*** Material for the task ***

(* For every tree $T=(V,E,w)$ whose cost function $w$ is down-monotonic and rounded, there exists an optimal extended strategy function for $T$ that is aligned.
   Context: $w$ is down-monotonic if there is a vertex $r$ such that $w(v)\le w(u)$ whenever $v$ lies on the path between $r$ and $u$; $w$ is rounded if each $w(u)$ equals $2^j$ for a nonnegative integer $j$. Intervals are of the form $[a,b)$ with integers $0\le a<b$, $|[a,b)|=b-a$; for $I=[a,b)$, $I'=[a',b')$ write $I>I'$ iff $a\ge b'$. An extended strategy function for $T$ is a map $f$ assigning to each vertex $u$ an interval $f(u)$ with $|f(u)|\ge w(u)$, such that for any distinct $v_1,v_2$ with $f(v_1)\cap f(v_2)\ne\emptyset$, the path between $v_1$ and $v_2$ contains a vertex $v_3$ with $f(v_3)>f(v_1)$ and $f(v_3)>f(v_2)$. It is optimal if $\sup\bigcup_{u\in V}f(u)$ is minimum among all extended strategy functions for $T$. A vertex $u$ is aligned if both endpoints of $f(u)$ are multiples of $w(u)$, and $f$ is aligned if every vertex is aligned. *)

From mathcomp Require Import all_boot.
Set Implicit Arguments. Unset Strict Implicit. Unset Printing Implicit Defensive.

Definition simple_graph (V : finType) (e : rel V) :=
  irreflexive e /\ symmetric e.

Definition spath (V : finType) (e : rel V) (u v : V) (p : seq V) :=
  [/\ path e u p, last u p = v & uniq (u :: p)].

Definition connected_graph (V : finType) (e : rel V) :=
  forall u v : V, exists p, spath e u v p.

Definition acyclic_graph (V : finType) (e : rel V) :=
  forall c : seq V, uniq c -> 3 <= size c -> ~~ cycle e c.

Definition is_tree (V : finType) (e : rel V) :=
  [/\ simple_graph e, connected_graph e & acyclic_graph e].

Definition on_path (V : finType) (e : rel V) (u v x : V) :=
  exists p, spath e u v p /\ x \in u :: p.

Definition down_monotonic (V : finType) (e : rel V) (w : V -> nat) :=
  exists r : V, forall u v : V, on_path e r u v -> w v <= w u.

Definition rounded (V : finType) (w : V -> nat) :=
  forall u, exists j : nat, w u = 2 ^ j.

(* An interval [a,b) is represented by the pair (a,b), with a < b. *)
Definition ilen (I : nat * nat) := I.2 - I.1.
Definition igt (I J : nat * nat) := J.2 <= I.1.
Definition imeet (I J : nat * nat) := maxn I.1 J.1 < minn I.2 J.2.

Definition ext_strategy (V : finType) (e : rel V) (w : V -> nat)
    (f : V -> nat * nat) :=
  (forall u, (f u).1 < (f u).2) /\
  (forall u, w u <= ilen (f u)) /\
  (forall v1 v2, v1 != v2 -> imeet (f v1) (f v2) ->
     exists v3, on_path e v1 v2 v3 /\ igt (f v3) (f v1) /\ igt (f v3) (f v2)).

(* sup of the union of the intervals [a,b) (as reals) = max of right ends *)
Definition span (V : finType) (f : V -> nat * nat) := \max_(u : V) (f u).2.

Definition optimal_ext_strategy (V : finType) (e : rel V) (w : V -> nat)
    (f : V -> nat * nat) :=
  ext_strategy e w f /\
  forall g, ext_strategy e w g -> span f <= span g.

Definition aligned (V : finType) (w : V -> nat) (f : V -> nat * nat) :=
  forall u, (w u %| (f u).1) && (w u %| (f u).2).

From mathcomp Require Import all_boot zify.
From Stdlib Require Import Classical ClassicalEpsilon.
Set Implicit Arguments. Unset Strict Implicit. Unset Printing Implicit Defensive.

(* We realign partial strategies: interval assignments to a vertex set X in which
   any vertex outside X may serve as a separator. By induction on |X|, each one has
   an aligned counterpart of no larger span; applied to an optimal strategy on all
   vertices, this gives an aligned optimal one.
   If a vertex z outside X lies on a path between two vertices of X, then z
   separates X into two sides that never need each other as separators: realign
   both sides and combine them.
   Otherwise X is path-convex, so the vertex x whose interval ends highest lies above
   all the others. Split X - x into the branch of x away from the root r and the
   rest, and realign both parts. By down-monotonicity all weights in the branch are
   powers of two that are multiples of w x, so the branch part ends at a multiple
   of w x. If the higher part ends at a multiple N of w x, put x at [N, N + w x).
   Otherwise the top vertex y of the outer part has w y < w x, and both divide the
   end M of that part; put x at [M - w y, M - w y + w x), realign everything but y
   below it and put y on top, at [M - w y + w x, M + w x). The span never grows,
   as the original interval of x starts above all others and is at least w x long. *)

Definition asbool (P : Prop) : bool :=
  if excluded_middle_informative P then true else false.

Lemma asboolP (P : Prop) : reflect P (asbool P).
Proof. by rewrite /asbool; case: excluded_middle_informative => h; constructor. Qed.

Section TreePaths.
Variables (V : finType) (e : rel V).

Lemma spath_rev u v p : symmetric e ->
  spath e u v p -> spath e v u (rev (belast u p)) /\
  (forall x, (x \in v :: rev (belast u p)) = (x \in u :: p)).
Proof.
move=> sym [pp lp up].
have E : v :: rev (belast u p) = rev (u :: p) by rewrite [u :: p]lastI rev_rcons lp.
split; last by move=> x; rewrite E mem_rev.
split; last by rewrite E rev_uniq.
- rewrite -lp rev_path (@eq_path _ _ e) // => x y /=; exact: sym.
- by rewrite -(last_cons u) E rev_cons last_rcons.
Qed.

Lemma acyclic_no_fork u s1 t1 z : symmetric e -> acyclic_graph e ->
  path e u (rcons s1 z) -> path e u (rcons t1 z) ->
  uniq (u :: rcons s1 z) -> uniq (u :: rcons t1 z) ->
  ~~ has (mem t1) s1 -> (s1 != [::]) || (t1 != [::]) -> False.
Proof.
move=> sym acyc ps pt us ut dis ne.
set c := u :: s1 ++ z :: rev t1.
suff [uc szc cc] : [/\ uniq c, 3 <= size c & cycle e c] by move: (acyc c uc szc); rewrite cc.
split.
- move: us ut; rewrite /c -!cats1 /= !mem_cat !cat_uniq /= !inE !negb_or.
  move=> /and4P[/andP[us1 uz] us1' /andP[zs1 _] _].
  move=> /and4P[/andP[ut1 _] ut1' /andP[zt1 _] _].
  rewrite !mem_rev us1 uz ut1 us1' zs1 zt1 rev_uniq ut1' /= andbT.
  apply/hasPn => x; rewrite mem_rev => xt1; apply/negP => xs1.
  by move/hasPn: dis => /(_ x xs1); rewrite /= xt1.
- rewrite /c /= size_cat /= size_rev.
  by move: ne; rewrite -!size_eq0 -!lt0n ltnS addnS ltnS addn_gt0.
- rewrite /c /= rcons_cat /= cat_path; move: ps; rewrite rcons_path => /andP[-> /= ->] /=.
  have := rev_path e u (rcons t1 z); rewrite last_rcons belast_rcons rev_cons => ->.
  by rewrite (@eq_path _ _ e) // => x y /=; exact: sym.
Qed.

Hypothesis tree_e : is_tree e.

Lemma spath_unique u v p q : spath e u v p -> spath e u v q -> p = q.
Proof.
have [[_ sym] _ acyc] := tree_e.
elim: p u q => [|a p IH] u [|b q] //.
- move=> [_ /= <- _] [_ lq uq].
  have : u \in b :: q by rewrite -[X in X \in _]lq /= mem_last.
  by move: uq => /= /andP[/negP].
- move=> [_ lp up] [_ /= lq _].
  have : u \in a :: p by rewrite lq -lp /= mem_last.
  by move: up => /= /andP[/negP].
move=> [pp lp up] [pq lq uq].
case: (eqVneq a b) => [eab|ab]; first subst b.
  congr (_ :: _); apply: (IH a).
  - by move: pp up => /= /andP[_ ?] /andP[_ ?]; split.
  - by move: pq uq => /= /andP[_ ?] /andP[_ ?]; split.
exfalso.
have vt : v \in b :: q by rewrite -lq /= mem_last.
have vs : v \in a :: p by rewrite -lp /= mem_last.
move: pp up vs pq uq vt ab; move Hs: (a :: p) => s; move Ht: (b :: q) => t.
move=> ps us vs pt ut vt ab.
(* The first vertex of the first path lying on the second one closes a cycle. *)
have hs : has (mem t) s by apply/hasP; exists v.
move: ps us Hs; case/split_find: hs => z s1 s2 zt dis.
move: pt ut Ht dis; case/path.splitP: zt => t1 t2.
rewrite !cat_path -!cat_cons !cat_uniq.
move=> /andP[pt _] /and3P[ut _ _] Ht dis /andP[ps _] /and3P[us _ _] Hs.
apply: (acyclic_no_fork sym acyc ps pt us ut).
  apply: contra dis; apply: sub_has => x /=.
  by rewrite mem_cat mem_rcons inE => ->; rewrite !orbT.
case: s1 t1 {ps pt us ut dis} Hs Ht => [|? ?] [|? ?] //= [az _] [bz _].
by rewrite az bz eqxx in ab.
Qed.

Lemma on_path_spath u v x :
  on_path e u v x <-> forall p, spath e u v p -> x \in u :: p.
Proof.
split; first by move=> [p [sp xp]] q sq; rewrite -(spath_unique sp sq).
have [_ conn _] := tree_e; have [p sp] := conn u v.
by move=> H; exists p; split => //; apply: H.
Qed.

Lemma on_path_sym u v x : on_path e u v x -> on_path e v u x.
Proof.
have [[_ sym] _ _] := tree_e; move=> [p [sp xp]].
have [sp' Hm] := spath_rev sym sp.
by exists (rev (belast u p)); split => //; rewrite Hm.
Qed.

Lemma on_path_l u v : on_path e u v u.
Proof.
have [_ conn _] := tree_e; have [p sp] := conn u v.
by exists p; split => //; rewrite inE eqxx.
Qed.

Lemma on_path_r u v : on_path e u v v.
Proof. exact/on_path_sym/on_path_l. Qed.

Lemma on_path_same u x : on_path e u u x -> x = u.
Proof.
move/on_path_spath/(_ [::]); rewrite inE => H.
by apply/eqP/H; split.
Qed.

Lemma on_path_split u v c x :
  on_path e u v x -> on_path e u c x \/ on_path e c v x.
Proof.
have [_ conn _] := tree_e.
have [p1 [pp1 lp1 up1]] := conn u c; have [p2 [pp2 lp2 up2]] := conn c v.
have walk : path e u (p1 ++ p2) by rewrite cat_path pp1 lp1.
have : last u (p1 ++ p2) = v by rewrite last_cat lp1.
case/shortenP: walk => p' pp' up' sub' lp' /on_path_spath /(_ p').
rewrite inE => /(_ (And3 pp' lp' up')) /orP[/eqP->|/sub']; first by left; apply: on_path_l.
rewrite mem_cat => /orP[xp|xp].
  by left; exists p1; split => //; rewrite inE xp orbT.
by right; exists p2; split => //; rewrite inE xp orbT.
Qed.

Lemma on_path_meet u v z x :
  on_path e u v z -> on_path e u z x -> on_path e z v x -> x = z.
Proof.
move=> [p [[pp lp up]]]; rewrite inE => /orP[/eqP ->|zp]; first by move/on_path_same.
move: pp lp up; case/path.splitP: zp => p1 p2.
rewrite cat_path last_cat last_rcons -cat_cons cat_uniq => /andP[pp1 pp2] lp2.
move=> /and3P[up1 /hasPn dis up2].
have sp1 : spath e u z (rcons p1 z) by split; rewrite ?last_rcons.
have sp2 : spath e z v p2.
  split=> //=; rewrite up2 andbT; apply/negP => /dis.
  by rewrite -rcons_cons mem_rcons inE eqxx.
move=> /on_path_spath/(_ _ sp1); rewrite -rcons_cons mem_rcons inE => /orP[/eqP//|x1].
move=> /on_path_spath/(_ _ sp2); rewrite inE => /orP[/eqP//|x2].
by move: (dis x x2); rewrite -rcons_cons mem_rcons inE x1 orbT.
Qed.

Lemma on_path_separate c u v x :
  on_path e c u x -> ~ on_path e c v x -> on_path e u v x.
Proof. by move=> /(on_path_split v) [|/on_path_sym]. Qed.

Lemma on_path_convex c u v x z :
  on_path e c u x -> on_path e c v x -> on_path e u v z -> on_path e c z x.
Proof.
move=> xu xv zuv; apply: NNPP => xz.
have := on_path_meet zuv (on_path_separate xu xz) (on_path_sym (on_path_separate xv xz)).
by move=> E; apply: xz; rewrite E; apply: on_path_r.
Qed.

Lemma off_path_convex c u v x z :
  ~ on_path e c u x -> ~ on_path e c v x -> on_path e u v z -> ~ on_path e c z x.
Proof.
move=> xu xv zuv xz.
have E : x = z.
  apply: (on_path_meet zuv).
    by case: (on_path_split u xz).
  by case: (on_path_split v xz) => // /on_path_sym.
by subst x; case: (on_path_split c zuv) => [/on_path_sym|].
Qed.

Definition branch (c x : V) : {set V} := [set y | asbool (on_path e c y x)].

Lemma branchP c x y : reflect (on_path e c y x) (y \in branch c x).
Proof. by rewrite inE; apply: asboolP. Qed.

Lemma branch_convex c x u v z : u \in branch c x -> v \in branch c x ->
  on_path e u v z -> z \in branch c x.
Proof. by move=> /branchP xu /branchP xv zuv; apply/branchP; apply: on_path_convex zuv. Qed.

Lemma branchC_convex c x u v z : u \notin branch c x -> v \notin branch c x ->
  on_path e u v z -> z \notin branch c x.
Proof.
move=> /branchP xu /branchP xv zuv; apply/branchP; exact: off_path_convex zuv.
Qed.

Lemma branch_separate c x u v : u \in branch c x -> v \notin branch c x ->
  on_path e u v x.
Proof. by move=> /branchP xu /branchP; apply: on_path_separate. Qed.

Lemma branch_self c x : x \in branch c x.
Proof. exact/branchP/on_path_r. Qed.

End TreePaths.

Lemma imeetC I J : imeet I J = imeet J I.
Proof. by rewrite /imeet maxnC minnC. Qed.

Lemma igt_nomeet I J : igt I J -> ~~ imeet I J.
Proof. rewrite /igt /imeet; lia. Qed.

Lemma leq_subr_dvdn d m n : d %| m -> d %| n -> m < n -> m <= n - d.
Proof.
move=> dm dn mn; have : d <= n - m by apply: dvdn_leq; rewrite ?subn_gt0 ?dvdn_sub.
lia.
Qed.

Section PartialStrategies.
Variables (V : finType) (e : rel V) (w : V -> nat).
Implicit Types (X Y S : {set V}) (f g : V -> nat * nat).

Definition partial_strategy X f :=
  (forall u, u \in X -> (f u).1 < (f u).2 /\ w u <= ilen (f u)) /\
  (forall v1 v2, v1 \in X -> v2 \in X -> v1 != v2 -> imeet (f v1) (f v2) ->
     exists v3, on_path e v1 v2 v3 /\
       (v3 \notin X \/ (igt (f v3) (f v1) /\ igt (f v3) (f v2)))).

Definition span_on X f := \max_(u in X) (f u).2.

Definition aligned_on X f :=
  forall u, u \in X -> (w u %| (f u).1) && (w u %| (f u).2).

Definition path_convex X :=
  forall u v z, u \in X -> v \in X -> on_path e u v z -> z \in X.

Definition put_on_top (x : V) (N : nat) f u :=
  if u == x then (N, N + w x) else f u.

Definition glue S f g u :=
  if u \in S then f u else g u.

Lemma span_on_le X f k :
  (forall u, u \in X -> (f u).2 <= k) -> span_on X f <= k.
Proof. by move=> H; apply/bigmax_leqP. Qed.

*** End of Material for the task ***

Task to complete:
Please transcribe only the lines in the records above running from the line that has "have E : x = z." through the line that has "Lemma branch_separate c", both included, exactly as they appear.

Written answer:
have E : x = z.
  apply: (on_path_meet zuv).
    by case: (on_path_split u xz).
  by case: (on_path_split v xz) => // /on_path_sym.
by subst x; case: (on_path_split c zuv) => [/on_path_sym|].
Qed.

Definition branch (c x : V) : {set V} := [set y | asbool (on_path e c y x)].

Lemma branchP c x y : reflect (on_path e c y x) (y \in branch c x).
Proof. by rewrite inE; apply: asboolP. Qed.

Lemma branch_convex c x u v z : u \in branch c x -> v \in branch c x ->
  on_path e u v z -> z \in branch c x.
Proof. by move=> /branchP xu /branchP xv zuv; apply/branchP; apply: on_path_convex zuv. Qed.

Lemma branchC_convex c x u v z : u \notin branch c x -> v \notin branch c x ->
  on_path e u v z -> z \notin branch c x.
Proof.
move=> /branchP xu /branchP xv zuv; apply/branchP; exact: off_path_convex zuv.
Qed.

Lemma branch_separate c x u v : u \in branch c x -> v \notin branch c x ->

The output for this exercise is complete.